From Mars orbit, the MRO can take zoom-in images of objects on the surface of the planet, checking out features that are about the size of a small dining-room table.
NASA's Mars Polar Lander was shot toward the Red Planet in January of 1999, only to be lost on December 3 of that same year as the probe neared its South Pole exploration target.
What truly happened to the craft and its exact whereabouts remain at best guesses.
An investigation of the loss concluded that the most probable cause of the failure was due to the generation of bogus signals when the craft's legs were deployed high above the Martian landscape.
Those spurious signals are thought to have produced a false indication that the spacecraft's outstretched legs had actually reached Mars.
That misread of its true altitude may have resulted in Mars Polar Lander prematurely shutting down its set of descent engines.
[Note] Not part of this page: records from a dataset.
(* Let $\alpha_i,\beta_i,\gamma_i,\delta_i\in(0,\pi)$ satisfy $\alpha_i\pm\beta_i\pm\gamma_i\pm\delta_i\not\equiv0\pmod{2\pi}$ for all choices of signs. Then $\sin\overline{\alpha}_i,\sin\overline{\beta}_i,\sin\overline{\gamma}_i,\sin\overline{\delta}_i\neq0$ (so $a_i,b_i,c_i,d_i$ are well-defined) and \[a_ib_i,\ a_ic_i,\ a_id_i,\ b_ic_i,\ b_id_i,\ c_id_i,\ M_i\notin\{0,1\}.\]
   Context: $\sigma_i=(\alpha_i+\beta_i+\gamma_i+\delta_i)/2$, $\overline{\alpha}_i=\sigma_i-\alpha_i$, $\overline{\beta}_i=\sigma_i-\beta_i$, $\overline{\gamma}_i=\sigma_i-\gamma_i$, $\overline{\delta}_i=\sigma_i-\delta_i$; $a_i=\sin\alpha_i/\sin\overline{\alpha}_i$, $b_i=\sin\beta_i/\sin\overline{\beta}_i$, $c_i=\sin\gamma_i/\sin\overline{\gamma}_i$, $d_i=\sin\delta_i/\sin\overline{\delta}_i$, $M_i=a_ib_ic_id_i$. *)

From Stdlib Require Import Reals ZArith.
Open Scope R_scope.

Definition sgn (b : bool) : R := if b then 1 else -1.

Definition not_cong0_2pi (x : R) : Prop := forall k : Z, x <> 2 * PI * IZR k.

Definition sigma (al be ga de : R) : R := (al + be + ga + de) / 2.

Definition bar (x al be ga de : R) : R := sigma al be ga de - x.

Definition ratio (x al be ga de : R) : R := sin x / sin (bar x al be ga de).

Definition coef_a (al be ga de : R) : R := ratio al al be ga de.
Definition coef_b (al be ga de : R) : R := ratio be al be ga de.
Definition coef_c (al be ga de : R) : R := ratio ga al be ga de.
Definition coef_d (al be ga de : R) : R := ratio de al be ga de.

Definition coef_M (al be ga de : R) : R :=
  coef_a al be ga de * coef_b al be ga de * coef_c al be ga de * coef_d al be ga de.

Definition not01 (x : R) : Prop := x <> 0 /\ x <> 1.

From Pilot Require Import Defs.
From Stdlib Require Import Reals ZArith Lra.
Open Scope R_scope.

(* With S the half-sum, 2 sin x sin y = cos (x - y) - cos (x + y) turns the
   equation a b = 1, i.e. sin al sin be = sin (S - al) sin (S - be), into
   cos (al + be) = cos (ga + de); similarly M = 1 factors as
   (cos (al - be) - cos (ga - de)) (cos (al + be) - cos (ga + de)) = 0.
   Equal cosines force x = y or x = -y modulo 2 pi, and in each case this is
   one of the excluded relations al +- be +- ga +- de = 0 modulo 2 pi.  The
   same relations keep every sin (S - x) = sin ((+-al +- be +- ga +- de) / 2)
   away from 0, while sin x > 0 on (0, pi). *)

Lemma not_cong0_2pi_opp x : not_cong0_2pi x -> not_cong0_2pi (- x).
Proof.
  intros hx k hk. apply (hx (- k)%Z). rewrite opp_IZR. lra.
Qed.

Lemma sin_neq0_of_not_cong0_2pi x : not_cong0_2pi (2 * x) -> sin x <> 0.
Proof.
  intros hx hsin. destruct (sin_eq_0_0 x hsin) as [k hk].
  apply (hx k). rewrite hk. ring.
Qed.

Lemma sin_half_neq0_of_not_cong0_2pi x : not_cong0_2pi x -> sin (x / 2) <> 0.
Proof.
  intros hx. apply sin_neq0_of_not_cong0_2pi.
  now replace (2 * (x / 2)) with x by field.
Qed.

Lemma cos_neq_of_not_cong0_2pi x y :
  not_cong0_2pi (x - y) -> not_cong0_2pi (x + y) -> cos x <> cos y.
Proof.
  intros hdiff hsum hcos.
  assert (hprod := form2 x y).
  rewrite hcos, Rminus_diag in hprod.
  apply (sin_half_neq0_of_not_cong0_2pi _ hdiff), (Rmult_eq_reg_l (-2)); [| lra].
  apply (Rmult_eq_reg_r (sin ((x + y) / 2))); [lra |].
  exact (sin_half_neq0_of_not_cong0_2pi _ hsum).
Qed.

Lemma sin_pos_neq0 x : 0 < x < PI -> sin x <> 0.
Proof. intros hx. apply Rgt_not_eq, sin_gt_0; apply hx. Qed.

Lemma sgn_negb b : sgn (negb b) = - sgn b.
Proof. destruct b; simpl; ring. Qed.

Section SignPatterns.

Variables al be ga de : R.
Hypothesis hsigns : forall s1 s2 s3 : bool,
  not_cong0_2pi (al + sgn s1 * be + sgn s2 * ga + sgn s3 * de).

Lemma not_cong0_2pi_sign_pattern e :
  (exists s0 s1 s2 s3 : bool, e = sgn s0 * al + sgn s1 * be + sgn s2 * ga + sgn s3 * de) ->
  not_cong0_2pi e.
Proof.
  intros (s0 & s1 & s2 & s3 & ->). destruct s0; simpl sgn.
  - replace (1 * al) with al by ring. apply hsigns.
  - replace (-1 * al + sgn s1 * be + sgn s2 * ga + sgn s3 * de)
      with (- (al + sgn (negb s1) * be + sgn (negb s2) * ga + sgn (negb s3) * de))
      by (rewrite !sgn_negb; ring).
    apply not_cong0_2pi_opp, hsigns.
Qed.

End SignPatterns.

Definition sin_ratio (S x : R) : R := sin x / sin (S - x).

Lemma prod_sin_sin x y : 2 * sin x * sin y = cos (x - y) - cos (x + y).
Proof. rewrite cos_minus, cos_plus. ring. Qed.

Lemma prod_sin_sin_complement S x y z w : x + y + z + w = 2 * S ->
  2 * sin (S - x) * sin (S - y) = cos (x - y) - cos (z + w).
Proof.
  intros hsum. rewrite prod_sin_sin.
  replace (S - x - (S - y)) with (- (x - y)) by ring.
  replace (S - x + (S - y)) with (z + w) by lra.
  now rewrite cos_neg.
Qed.

Lemma sin_ratio_neq0 S x : sin x <> 0 -> sin (S - x) <> 0 -> sin_ratio S x <> 0.
Proof.
  intros hx hSx. unfold sin_ratio, Rdiv.
  apply Rmult_integral_contrapositive_currified; [exact hx | exact (Rinv_neq_0_compat _ hSx)].
Qed.

Section SineRatios.

Variables S x y z w : R.
Hypothesis hsum : x + y + z + w = 2 * S.
Hypotheses (hx : sin x <> 0) (hy : sin y <> 0) (hz : sin z <> 0) (hw : sin w <> 0).
Hypotheses (hSx : sin (S - x) <> 0) (hSy : sin (S - y) <> 0)
  (hSz : sin (S - z) <> 0) (hSw : sin (S - w) <> 0).

Lemma sin_ratio_mul2_eq1 :
  sin_ratio S x * sin_ratio S y = 1 -> sin x * sin y = sin (S - x) * sin (S - y).
Proof.
  intros h. rewrite <- (Rmult_1_l (sin (S - x) * _)), <- h.
  unfold sin_ratio. field. now split.
Qed.

Lemma sin_ratio_mul2_not01 : cos (x + y) <> cos (z + w) ->
  not01 (sin_ratio S x * sin_ratio S y).
Proof.
  intros hcos. split.
  - apply Rmult_integral_contrapositive_currified; now apply sin_ratio_neq0.
  - intros h. apply hcos.
    assert (hsin := sin_ratio_mul2_eq1 h).
    assert (h1 := prod_sin_sin x y). assert (h2 := prod_sin_sin_complement S x y z w hsum).
    nra.
Qed.

Lemma sin_ratio_mul4_not01 : cos (x + y) <> cos (z + w) -> cos (x - y) <> cos (z - w) ->
  not01 (sin_ratio S x * sin_ratio S y * sin_ratio S z * sin_ratio S w).
Proof.
  intros hplus hminus. split.
  - repeat match goal with |- _ * _ <> 0 => apply Rmult_integral_contrapositive_currified end;
      now apply sin_ratio_neq0.
  - intros h.
    assert (hsin : sin x * sin y * (sin z * sin w)
                   = sin (S - x) * sin (S - y) * (sin (S - z) * sin (S - w))).
    { rewrite <- (Rmult_1_l (sin (S - x) * _ * _)), <- h.
      unfold sin_ratio. field. now repeat split. }
    assert (hxy := prod_sin_sin x y). assert (hzw := prod_sin_sin z w).
    assert (hSxy := prod_sin_sin_complement S x y z w hsum).
    assert (hSzw := prod_sin_sin_complement S z w x y ltac:(lra)).
    assert (hfactor : (cos (x - y) - cos (z - w)) * (cos (x + y) - cos (z + w)) = 0).
    { transitivity ((2 * sin x * sin y) * (2 * sin z * sin w)
                    - (2 * sin (S - x) * sin (S - y)) * (2 * sin (S - z) * sin (S - w))).
      - rewrite hSxy, hSzw, hxy, hzw. ring.
      - nra. }
    destruct (Rmult_integral _ _ hfactor); lra.
Qed.

End SineRatios.

Ltac sign_pattern :=
  eapply not_cong0_2pi_sign_pattern;
  [ eassumption | do 4 (exists true + exists false); unfold sgn; lra ].

Ltac side_condition :=
  first [ assumption | lra | apply cos_neq_of_not_cong0_2pi; sign_pattern ].

Theorem lemma2 (al be ga de : R)
  (hal : 0 < al < PI) (hbe : 0 < be < PI) (hga : 0 < ga < PI) (hde : 0 < de < PI)
  (hsigns : forall s1 s2 s3 : bool,
      not_cong0_2pi (al + sgn s1 * be + sgn s2 * ga + sgn s3 * de)) :
  let a := coef_a al be ga de in
  let b := coef_b al be ga de in
  let c := coef_c al be ga de in
  let d := coef_d al be ga de in
  (sin (bar al al be ga de) <> 0 /\ sin (bar be al be ga de) <> 0 /\
   sin (bar ga al be ga de) <> 0 /\ sin (bar de al be ga de) <> 0) /\
  (not01 (a * b) /\ not01 (a * c) /\ not01 (a * d) /\
   not01 (b * c) /\ not01 (b * d) /\ not01 (c * d) /\
   not01 (coef_M al be ga de)).
Proof.
  intros a b c d.
  set (S := Defs.sigma al be ga de).
  assert (hsum : al + be + ga + de = 2 * S) by (unfold S, Defs.sigma; field).
  assert (hbar : sin (S - al) <> 0 /\ sin (S - be) <> 0 /\
                 sin (S - ga) <> 0 /\ sin (S - de) <> 0)
    by (repeat split; apply sin_neq0_of_not_cong0_2pi; sign_pattern).
  split; [exact hbar |].
  destruct hbar as (? & ? & ? & ?).
  pose proof (sin_pos_neq0 _ hal); pose proof (sin_pos_neq0 _ hbe).
  pose proof (sin_pos_neq0 _ hga); pose proof (sin_pos_neq0 _ hde).
  change a with (sin_ratio S al); change b with (sin_ratio S be);
  change c with (sin_ratio S ga); change d with (sin_ratio S de).
  refine (conj _ (conj _ (conj _ (conj _ (conj _ (conj _ _)))))).
  - apply (sin_ratio_mul2_not01 S al be ga de); side_condition.
  - apply (sin_ratio_mul2_not01 S al ga be de); side_condition.
  - apply (sin_ratio_mul2_not01 S al de be ga); side_condition.
  - apply (sin_ratio_mul2_not01 S be ga al de); side_condition.
  - apply (sin_ratio_mul2_not01 S be de al ga); side_condition.
  - apply (sin_ratio_mul2_not01 S ga de al be); side_condition.
  - apply (sin_ratio_mul4_not01 S al be ga de); side_condition.
Qed.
Then, it is thought, the craft fell to an ugly ending within Mars' South Pole region.
"We'll search for Mars Polar Lander when the lighting conditions are good. Right now it's too dark down there," said Alfred McEwen, director of the Planetary Image Research Lab at the University of Arizona in Tucson.
He is MRO's HiRISE principal investigator.
As for when the first opportunity to utilize HiRISE to look for Mars Polar Lander, McEwen told SPACE.com that he hasn't focused on a time frame as yet.
"It's a matter of both illumination angle and atmospheric conditions."
The Mars Polar Lander site is on the edge of polar night right now, as Mars is not quite half-way through its southern winter, explained Richard Zurek, the MRO's project scientist at the Jet Propulsion Laboratory in Pasadena, California.
Zurek said that even when spring comes again to Mars' southern hemisphere on Mars — February 8, 2007 — the seasonal snows, made largely of frozen carbon dioxide, will still cover the high southern latitudes.
These won't be gone from the area until the latter part of May of next year, he added.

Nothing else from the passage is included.